◆ **Saved entries**:

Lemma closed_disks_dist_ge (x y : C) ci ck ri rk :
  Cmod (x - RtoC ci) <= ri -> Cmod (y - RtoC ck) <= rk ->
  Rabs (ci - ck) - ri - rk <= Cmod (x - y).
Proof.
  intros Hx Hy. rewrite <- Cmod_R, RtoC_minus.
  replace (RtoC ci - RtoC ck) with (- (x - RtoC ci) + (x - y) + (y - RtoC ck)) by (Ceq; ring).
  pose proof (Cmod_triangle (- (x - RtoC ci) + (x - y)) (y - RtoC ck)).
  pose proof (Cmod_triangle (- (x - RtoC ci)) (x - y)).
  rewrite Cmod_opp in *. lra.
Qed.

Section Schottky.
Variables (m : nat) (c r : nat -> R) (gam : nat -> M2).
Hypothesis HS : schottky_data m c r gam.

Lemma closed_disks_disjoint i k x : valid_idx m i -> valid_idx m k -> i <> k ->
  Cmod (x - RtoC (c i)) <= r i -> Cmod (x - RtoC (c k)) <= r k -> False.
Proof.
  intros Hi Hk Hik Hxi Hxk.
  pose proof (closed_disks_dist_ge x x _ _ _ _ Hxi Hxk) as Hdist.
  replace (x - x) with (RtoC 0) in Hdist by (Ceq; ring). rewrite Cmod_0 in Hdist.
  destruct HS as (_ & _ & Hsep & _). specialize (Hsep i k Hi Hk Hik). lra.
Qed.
==
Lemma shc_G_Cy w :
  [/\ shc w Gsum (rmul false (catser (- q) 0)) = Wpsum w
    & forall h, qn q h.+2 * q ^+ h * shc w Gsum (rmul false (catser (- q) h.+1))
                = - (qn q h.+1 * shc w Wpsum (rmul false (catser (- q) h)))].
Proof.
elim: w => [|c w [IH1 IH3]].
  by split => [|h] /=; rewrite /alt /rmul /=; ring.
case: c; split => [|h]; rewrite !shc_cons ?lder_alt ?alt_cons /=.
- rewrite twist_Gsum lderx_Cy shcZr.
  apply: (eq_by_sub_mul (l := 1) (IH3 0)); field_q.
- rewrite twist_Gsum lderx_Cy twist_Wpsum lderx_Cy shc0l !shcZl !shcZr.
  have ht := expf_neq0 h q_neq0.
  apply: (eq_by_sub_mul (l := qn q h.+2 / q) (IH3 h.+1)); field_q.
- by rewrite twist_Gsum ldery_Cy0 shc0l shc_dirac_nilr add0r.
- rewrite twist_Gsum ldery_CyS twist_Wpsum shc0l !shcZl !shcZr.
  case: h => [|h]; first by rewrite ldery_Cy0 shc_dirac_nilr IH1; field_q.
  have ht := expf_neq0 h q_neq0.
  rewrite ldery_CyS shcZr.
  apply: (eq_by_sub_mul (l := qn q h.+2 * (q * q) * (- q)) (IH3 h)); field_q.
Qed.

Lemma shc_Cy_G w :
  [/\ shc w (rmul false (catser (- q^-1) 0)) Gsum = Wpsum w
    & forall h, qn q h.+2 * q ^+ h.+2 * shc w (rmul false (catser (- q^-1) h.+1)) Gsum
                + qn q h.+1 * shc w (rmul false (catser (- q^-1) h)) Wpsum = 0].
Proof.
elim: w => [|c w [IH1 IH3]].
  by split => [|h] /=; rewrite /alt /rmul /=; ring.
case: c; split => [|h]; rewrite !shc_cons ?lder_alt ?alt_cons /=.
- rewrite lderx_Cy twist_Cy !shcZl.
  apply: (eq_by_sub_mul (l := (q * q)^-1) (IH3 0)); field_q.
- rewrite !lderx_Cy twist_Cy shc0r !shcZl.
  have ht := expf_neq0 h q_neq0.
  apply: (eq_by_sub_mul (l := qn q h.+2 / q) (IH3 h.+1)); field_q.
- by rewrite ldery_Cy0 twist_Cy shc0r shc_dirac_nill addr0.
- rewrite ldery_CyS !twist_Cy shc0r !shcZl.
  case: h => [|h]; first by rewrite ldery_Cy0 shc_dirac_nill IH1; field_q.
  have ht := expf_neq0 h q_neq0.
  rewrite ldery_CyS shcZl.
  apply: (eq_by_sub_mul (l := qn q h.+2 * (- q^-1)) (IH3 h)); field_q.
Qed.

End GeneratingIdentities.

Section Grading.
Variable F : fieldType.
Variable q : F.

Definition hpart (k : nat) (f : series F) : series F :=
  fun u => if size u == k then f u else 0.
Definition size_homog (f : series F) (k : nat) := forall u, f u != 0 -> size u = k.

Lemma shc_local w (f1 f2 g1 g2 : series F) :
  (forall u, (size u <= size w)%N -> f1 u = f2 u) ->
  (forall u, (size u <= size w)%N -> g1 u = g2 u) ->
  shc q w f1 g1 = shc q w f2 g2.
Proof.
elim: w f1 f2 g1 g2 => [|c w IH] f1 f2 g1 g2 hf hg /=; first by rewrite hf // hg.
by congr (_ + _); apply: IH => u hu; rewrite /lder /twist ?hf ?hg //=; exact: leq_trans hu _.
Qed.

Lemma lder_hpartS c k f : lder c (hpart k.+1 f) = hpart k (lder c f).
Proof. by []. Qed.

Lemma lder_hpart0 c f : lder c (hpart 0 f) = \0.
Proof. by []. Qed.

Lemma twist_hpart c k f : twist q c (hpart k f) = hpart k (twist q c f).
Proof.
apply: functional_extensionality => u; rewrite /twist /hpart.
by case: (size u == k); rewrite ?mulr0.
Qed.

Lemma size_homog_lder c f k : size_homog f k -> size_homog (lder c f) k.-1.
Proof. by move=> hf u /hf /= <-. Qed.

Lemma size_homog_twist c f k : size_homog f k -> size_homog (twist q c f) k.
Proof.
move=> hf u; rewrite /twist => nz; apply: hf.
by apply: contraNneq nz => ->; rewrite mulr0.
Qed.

◆ **DESCRIPTION OF THE TASK**: Return, from the data above, each line in which the string "rmul" appears.

◆ **RESPONSE AREA**:
  [/\ shc w Gsum (rmul false (catser (- q) 0)) = Wpsum w
    & forall h, qn q h.+2 * q ^+ h * shc w Gsum (rmul false (catser (- q) h.+1))
                = - (qn q h.+1 * shc w Wpsum (rmul false (catser (- q) h)))].
  by split => [|h] /=; rewrite /alt /rmul /=; ring.
  [/\ shc w (rmul false (catser (- q^-1) 0)) Gsum = Wpsum w
    & forall h, qn q h.+2 * q ^+ h.+2 * shc w (rmul false (catser (- q^-1) h.+1)) Gsum
                + qn q h.+1 * shc w (rmul false (catser (- q^-1) h)) Wpsum = 0].
  by split => [|h] /=; rewrite /alt /rmul /=; ring.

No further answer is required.